Chief among the new arrivals is Jim Coles, who will lead Taft’s IP practice along with Margaret Lawson, who is based at Taft’s Cincinnati headquarters. The others joining Taft are partners Ryan White and Anthony Filomena II, who is based in Raleigh, N.C., and associate Stephen Rost. They begin on Monday.

“Certainly, Jim Coles is on the short list of anybody in town,” said Robert Hicks, managing partner of the Taft’s local office. “We’ve always had our eye on him but never pursued him.”

Coles, who led Bose McKinney’s IP practice, has 35 years of patent and trademark experience.
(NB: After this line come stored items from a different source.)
Lemma pcat_starts_with_loop p q : starts_with_loop p -> starts_with_loop (pcat p q).
Proof. by move=> [r ->]; exists (r ++ behead q). Qed.

Lemma prep_ends_at_v0 a c :
  head v0 c = v0 -> ends_at_v0 c -> ends_at_v0 (prep a c).
Proof.
move=> hc ec; elim: a => [|a IH] /=; first by rewrite hc; exists [::].
exact: pcat_ends_at_v0.
Qed.

Lemma prep_cycle_ends_at_v0 a i L : ends_at_v0 (prep a (cycle_seq i L)).
Proof.
by apply: prep_ends_at_v0 => //; exists (v0 :: [seq (i, j) | j <- iota 1 L.-1]);
  rewrite /cycle_seq -cats1.
Qed.

Lemma prep_eloop_ends_at_v0 a : ends_at_v0 (prep a eloop).
Proof. by apply: prep_ends_at_v0 => //; exists [:: v0]. Qed.

Lemma foldr_pcat_ends_at_v0 (F : nat -> seq vtx) l b :
  (forall m, ends_at_v0 (F m)) -> ends_at_v0 b ->
  ends_at_v0 (foldr (fun m acc => pcat (F m) acc) b l).
Proof. by move=> eF eb; elim: l => //= m l; exact: pcat_ends_at_v0. Qed.

Lemma foldr_pcat_ends_with_loop (F : nat -> seq vtx) l b :
  (forall m, ends_at_v0 (F m)) -> ends_with_loop b ->
  ends_with_loop (foldr (fun m acc => pcat (F m) acc) b l).
Proof. by move=> eF eb; elim: l => //= m l; exact: pcat_ends_with_loop. Qed.

Lemma all_pcat (a : pred vtx) p q : all a p -> all a q -> all a (pcat p q).
Proof.
move=> ap aq; rewrite /pcat all_cat ap /=.
by case: q aq => //= v q /andP[].
Qed.

Lemma all_prep (a : pred vtx) k c : a v0 -> all a c -> all a (prep k c).
Proof.
move=> a0 ac; elim: k => [|k IH] /=; last exact: all_pcat.
by case: c ac => [|v c] /=; [rewrite a0 | case/andP=> ->].
Qed.

Lemma all_foldr_pcat (a : pred vtx) (F : nat -> seq vtx) l b :
  {in l, forall m, all a (F m)} -> all a b ->
  all a (foldr (fun m acc => pcat (F m) acc) b l).
Proof.
move=> aF ab; elim: l aF => //= m l IH aF.
apply: all_pcat; first by apply: aF; rewrite mem_head.
by apply: IH => m' lm'; apply: aF; rewrite inE lm' orbT.
Qed.

Lemma Pth_shape n ls i :
  all (pred1 v0) (Pth n ls i) \/
  starts_with_loop (Pth n ls i) /\ ends_with_loop (Pth n ls i).
Proof.
have twos_loop k : ends_with_loop (pcat eloop (foldr (fun m acc =>
    pcat (prep 2 (cycle_seq m (nth 0 ls m.-1))) acc) eloop (iota k (n.+1 - k)))).
  apply: pcat_ends_with_loop; first by exists [:: v0].
  apply: foldr_pcat_ends_with_loop; last by exists [::].
  by move=> m; exact: prep_cycle_ends_at_v0.
rewrite /Pth; case: eqP => _; first by left; exact: all_prep.
case: eqP => _.
  right; split.
    rewrite mulnDr muln1 [iota 1 _]/= /=.
    by do 3 apply: pcat_starts_with_loop; exists [::].
  apply: pcat_ends_with_loop => //.
  apply: foldr_pcat_ends_at_v0; last by exists [::].
  by move=> m; apply: pcat_ends_at_v0;
    [exact: prep_eloop_ends_at_v0 | exact: prep_cycle_ends_at_v0].
case: eqP => _; first by left; exact: all_prep.
by right; split => //; apply: pcat_starts_with_loop; exists [::].
Qed.

Lemma Pth_nth1 n ls i : nth v0 (Pth n ls i) 1 = v0.
Proof.
case: (Pth_shape n ls i) => [all0 | [[r ->] _] //].
have [lt|ge] := ltnP 1 (size (Pth n ls i)); last by rewrite nth_default.
by move/allP/(_ _ (mem_nth v0 lt))/eqP: all0.
Qed.

Lemma Pth_nth_penult n ls i : nth v0 (Pth n ls i) (size (Pth n ls i)).-2 = v0.
Proof.
case: (Pth_shape n ls i) => [all0 | [_ [r ->]]].
  have [lt|ge] := ltnP (size (Pth n ls i)).-2 (size (Pth n ls i)).
    by move/allP/(_ _ (mem_nth v0 lt))/eqP: all0.
  by rewrite nth_default.
by rewrite size_cat addn2 nth_cat ltnn subnn.
Qed.

Definition degv_ge (k : nat) (v : vtx) : bool := (v == v0) || (k <= v.1).

Lemma degv_ge_trans j k v : j <= k -> degv_ge k v -> degv_ge j v.
Proof. by rewrite /degv_ge => jk /orP[-> // | kv]; rewrite (leq_trans jk kv) orbT. Qed.

Lemma cycle_seq_degv_ge k i L : k <= i -> all (degv_ge k) (cycle_seq i L).
Proof.
move=> ki; rewrite /= all_cat /= andbT.
by apply/allP => v /mapP[j _ ->]; rewrite /degv_ge ki orbT.
Qed.

Lemma Pth_degv_ge n ls i : all (degv_ge i) (Pth n ls i).
Proof.
have prep_cycle k m L : k <= m -> all (degv_ge k) (prep 2 (cycle_seq m L)).
  by move=> km; apply: all_prep => //; exact: cycle_seq_degv_ge.
have prep_loop k a : all (degv_ge k) (prep a eloop) by exact: all_prep.
have twos k : i <= k -> all (degv_ge i) (pcat eloop (foldr (fun m acc =>
    pcat (prep 2 (cycle_seq m (nth 0 ls m.-1))) acc) eloop (iota k (n.+1 - k)))).
  move=> ik; apply: all_pcat => //; apply: all_foldr_pcat => // m.
  by rewrite mem_iota => /andP[km _]; apply: prep_cycle; exact: leq_trans ik km.
rewrite /Pth; case: eqP => _; first exact: prep_loop.
case: eqP => [i1 | _]; last by case: eqP => _; [exact: prep_loop | exact: twos (leqnn i)].
apply: all_pcat; last by apply: twos; rewrite i1.
apply: all_foldr_pcat => // m _.
by apply: all_pcat; [exact: prep_loop | apply: prep_cycle; rewrite i1].
Qed.

Lemma phi_degv_ge n k v : degv_ge k v -> degv_ge k (phi n v).
Proof.
rewrite /phi; case: eqP => // v_neq0 /orP[/eqP // | kv].
have [lt|ge] := ltnP v.2 (size (P n v.1)); last by rewrite nth_default.
apply: degv_ge_trans kv _.
by move/allP: (Pth_degv_ge n (lens n) v.1); apply; exact: mem_nth.
Qed.

Lemma inX_down (Q : pred vtx) x m n : (forall k v, Q v -> Q (phi k v)) ->
  inX x -> m <= n -> Q (x n) -> Q (x m).
Proof.
move=> Qphi [_ phix] /subnK <-; elim: (n - m) => // d IH Qx.
by apply: IH; rewrite -(phix (d + m)); exact: Qphi.
Qed.

Lemma phi_v0 n : phi n v0 = v0.
Proof. by rewrite /phi eqxx. Qed.

Lemma inX_v0_down x m n : inX x -> m <= n -> x n = v0 -> x m = v0.
Proof.
move=> Xx mn /eqP xn; apply/eqP.
by apply: (inX_down (pred1 v0)) xn => // k v /eqP ->; rewrite phi_v0.
Qed.

Definition cycle_vertex (i L t : nat) : vtx := if 0 < t < L then (i, t) else v0.

Lemma nth_cycle_seq i L t : nth v0 (cycle_seq i L) t = cycle_vertex i L t.
Proof.
rewrite /cycle_seq /cycle_vertex; case: t => [|t] //=.
rewrite nth_cat size_map size_iota (_ : (t.+1 < L) = (t < L.-1)); last by case: L.
case: ifP => tL; first by rewrite (nth_map 0) ?size_iota // nth_iota // add1n.
by case: (t - L.-1) => [|[]].
Qed.

Lemma cycle_vertex_neq0 i L t :
  cycle_vertex i L t != v0 -> [/\ 0 < t, t < L & cycle_vertex i L t = (i, t)].
Proof. by rewrite /cycle_vertex; case: ifP => [/andP[] | _ /eqP]. Qed.

Lemma cycle_vertex_eq0 i L t : cycle_vertex i L t = v0 -> (t == 0) || (L <= t).
Proof. by rewrite /cycle_vertex; case: ifP => [_ [_ ->] // | /negbT]; lia. Qed.

Lemma mem_zip_behead (s : seq vtx) u v : (u, v) \in zip s (behead s) ->
  exists t, u = nth v0 s t /\ v = nth v0 s t.+1.
Proof.
elim: s => [|a [|b s] IH] //=; rewrite inE => /orP[/eqP[-> ->] | uv].
  by exists 0.
by have [t [-> ->]] := IH uv; exists t.+1.
Qed.

Lemma edge_cases n u v : edge n u v ->
  u = v0 /\ v = v0 \/
  exists i t, [/\ 0 < i <= n, u = cycle_vertex i (clen n i) t
                            & v = cycle_vertex i (clen n i) t.+1].
Proof.
rewrite /edge /E inE => /orP[/eqP[-> ->] | ]; first by left.
move/flatten_mapP => [i]; rewrite mem_iota => ilt /mem_zip_behead[t [-> ->]].
by right; exists i, t; rewrite !nth_cycle_seq; split => //; lia.
Qed.

Lemma clenS n i : 0 < i <= n.+1 -> clen n.+1 i = plen (P n i).
Proof.
move=> ilt; rewrite /clen (_ : lens n.+1 = [seq plen (P n j) | j <- iota 1 n.+1]) //.
rewrite (nth_map 0) ?size_iota; last by lia.
rewrite nth_iota; last by lia.
by rewrite add1n prednK //; case/andP: ilt.
Qed.

Lemma phi_cycle_vertex n i t : 0 < t -> phi n (i, t) = nth v0 (P n i) t.
Proof. by rewrite /phi xpair_eqE /= => /gtn_eqF ->; rewrite andbF. Qed.

(* An edge of G_{n+1} entering or leaving a cycle goes through the second or
   the penultimate vertex of that cycle, both of which phi_n sends to v0. *)
Lemma edge_on_cycle n u v : edge n.+1 u v ->
  phi n u <> v0 \/ phi n v <> v0 -> [/\ u <> v0, v <> v0 & u.1 = v.1].
Proof.
case/edge_cases => [[-> ->] | [i [t [ilt -> ->]]]]; first by rewrite phi_v0; case.
set L := clen n.+1 i.
have [u0 | /cycle_vertex_neq0[t0 tL ->]] := eqVneq (cycle_vertex i L t) v0.
  have [v0' | /cycle_vertex_neq0[_ tSL ->]] := eqVneq (cycle_vertex i L t.+1) v0.
    by rewrite u0 v0' phi_v0; case.
  have t0 : t = 0 by move/cycle_vertex_eq0: u0; lia.
  by rewrite u0 phi_v0 t0 phi_cycle_vertex // Pth_nth1; case.
have [v0' | /cycle_vertex_neq0[_ _ ->]] := eqVneq (cycle_vertex i L t.+1) v0; last first.
  by move=> _; split=> // -[]; lia.
have t_penult : t = (size (P n i)).-2.
  by move: tL; move/cycle_vertex_eq0: v0'; rewrite /L clenS // /plen; lia.
by rewrite v0' phi_v0 phi_cycle_vertex // t_penult Pth_nth_penult; case.
Qed.

Lemma deg_is_unique x d d' : deg_is x d -> deg_is x d' -> d = d'.
Proof.
case: d => [k|]; case: d' => [k'|] //=.
- move=> [[n xn] min] [[n' xn'] min'].
  by congr Some; apply/eqP; rewrite eqn_leq (min _ _ xn') (min' _ _ xn).
- by move=> [[n xn] _] none; rewrite none in xn.
- by move=> none [[n xn] _]; rewrite none in xn.
Qed.

Lemma deg_is_exists x : exists d, deg_is x d.
Proof.
case: (classic (forall n, degv (x n) = None)) => [none | /not_all_ex_not[n]].
  by exists None.
case xn: (degv (x n)) => [m|] // _.
elim/ltn_ind: m n xn => m IH n xn.
have [[n' [m' [lt xn']]] | nosmaller] :=
  classic (exists n' m', m' < m /\ degv (x n') = Some m').
  exact: IH lt n' xn'.
exists (Some m); split; first by exists n.
move=> n' m' xn'; rewrite leqNgt; apply/negP => lt.
by apply: nosmaller; exists n', m'.
Qed.

Lemma deg_spec x : deg_is x (deg x).
Proof. exact: epsilon_spec (inhabits None) (deg_is x) (deg_is_exists x). Qed.

Lemma degv_SomeE v k : degv v = Some k <-> v <> v0 /\ v.1 = k.
Proof.
rewrite /degv; case: eqP => [-> | vv0]; first by split=> // -[].
by split=> [[<-] | [_ <-]].
Qed.

Definition eventually_on_cycle (x : nat -> vtx) (k : nat) :=
  exists n0, forall n, n0 <= n -> x n <> v0 /\ (x n).1 = k.

Lemma deg_SomeE x k : inX x -> deg x = Some k <-> eventually_on_cycle x k.
Proof.
move=> Xx; have ge_down j m n : m <= n -> degv_ge j (x n) -> degv_ge j (x m).
  by move=> mn; apply: inX_down mn => // l; exact: phi_degv_ge.
split=> [dx | [n0 on0]].
  have [[n /degv_SomeE[xn xnk]] min] : deg_is x (Some k) by rewrite -dx; exact: deg_spec.
  exists n => m nm.
  have xm : x m <> v0 by move=> xm; apply: xn; exact: inX_v0_down Xx nm xm.
  have k_le : k <= (x m).1 by apply: (min m); apply/degv_SomeE.
  have : degv_ge (x m).1 (x n) by apply: ge_down nm _; rewrite /degv_ge leqnn orbT.
  rewrite /degv_ge xnk; case: eqP => //= _ le_k.
  by split=> //; apply/eqP; rewrite eqn_leq le_k k_le.
apply: deg_is_unique (deg_spec x) _; split; first by exists n0; apply/degv_SomeE; apply: on0.
move=> n m /degv_SomeE[xn <-]; have [_ xNk] := on0 _ (leq_maxr n n0).
have : degv_ge k (x n) by apply: ge_down (leq_maxl n n0) _; rewrite /degv_ge xNk leqnn orbT.
by rewrite /degv_ge; case: eqP.
Qed.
He worked at the former Jenkins Coffey Hyland Badger & Conard firm when it merged with Barnes & Thornburg LLP in 1982. He remained there until 1996, when he joined Bose McKinney.

Coles said he had been in discussions with Taft’s leaders for about a year but decided to wait until he was satisfied that the firm’s presence in Indianapolis was stable. Taft absorbed former law firm Sommer Barnard PC two years ago to establish an Indianapolis office.

Taft now has more than 90 lawyers in the city, ranking it as the seventh-largest firm, according to IBJ statistics. With the new arrivals, it boasts 13 intellectual property lawyers.

“It just seems like a great place to work,” Coles said. “It’s exciting for me, because I’m big into developing new client relationships.”

Besides Cincinnati, Taft’s Ohio offices are in Cleveland, Columbus and Dayton. The firm’s additional resources and lawyers, as well as its larger client base, drew Coles to Taft, he said.

Any lateral moves lawyers make likely can be attributed to the soft economy, said Hal Moore, a partner at Indianapolis-based Maginot Moore & Beck, an intellectual property boutique.

“It reflects that there’s definitely a tightening in the amount of work that’s out there,” he said. “People are seeking to get to the places where they can leverage their skill set and their client contacts.”

The intellectual property practice area gained prominence in the early 1980s when federal courts began recognizing and enforcing stronger patent-protection laws. A decade later, an explosion in software, computer and Internet usage has given rise to new demand for patent, trademark and copyright safeguards.

Patent attorneys typically have a technical degree in an area such as engineering, chemistry or physics and must pass the United States Patent and Trademark Office examination.

Bose McKinney, meanwhile is in discussions with intellectual property lawyers to replenish its practice, Managing Partner Jeff Gaither said. The firm has six lawyers in its intellectual property group, including one patent lawyer in Indianapolis and one part-timer in West Lafayette.

“We wish Jim and his group well and think this will be best for both firms,” he said.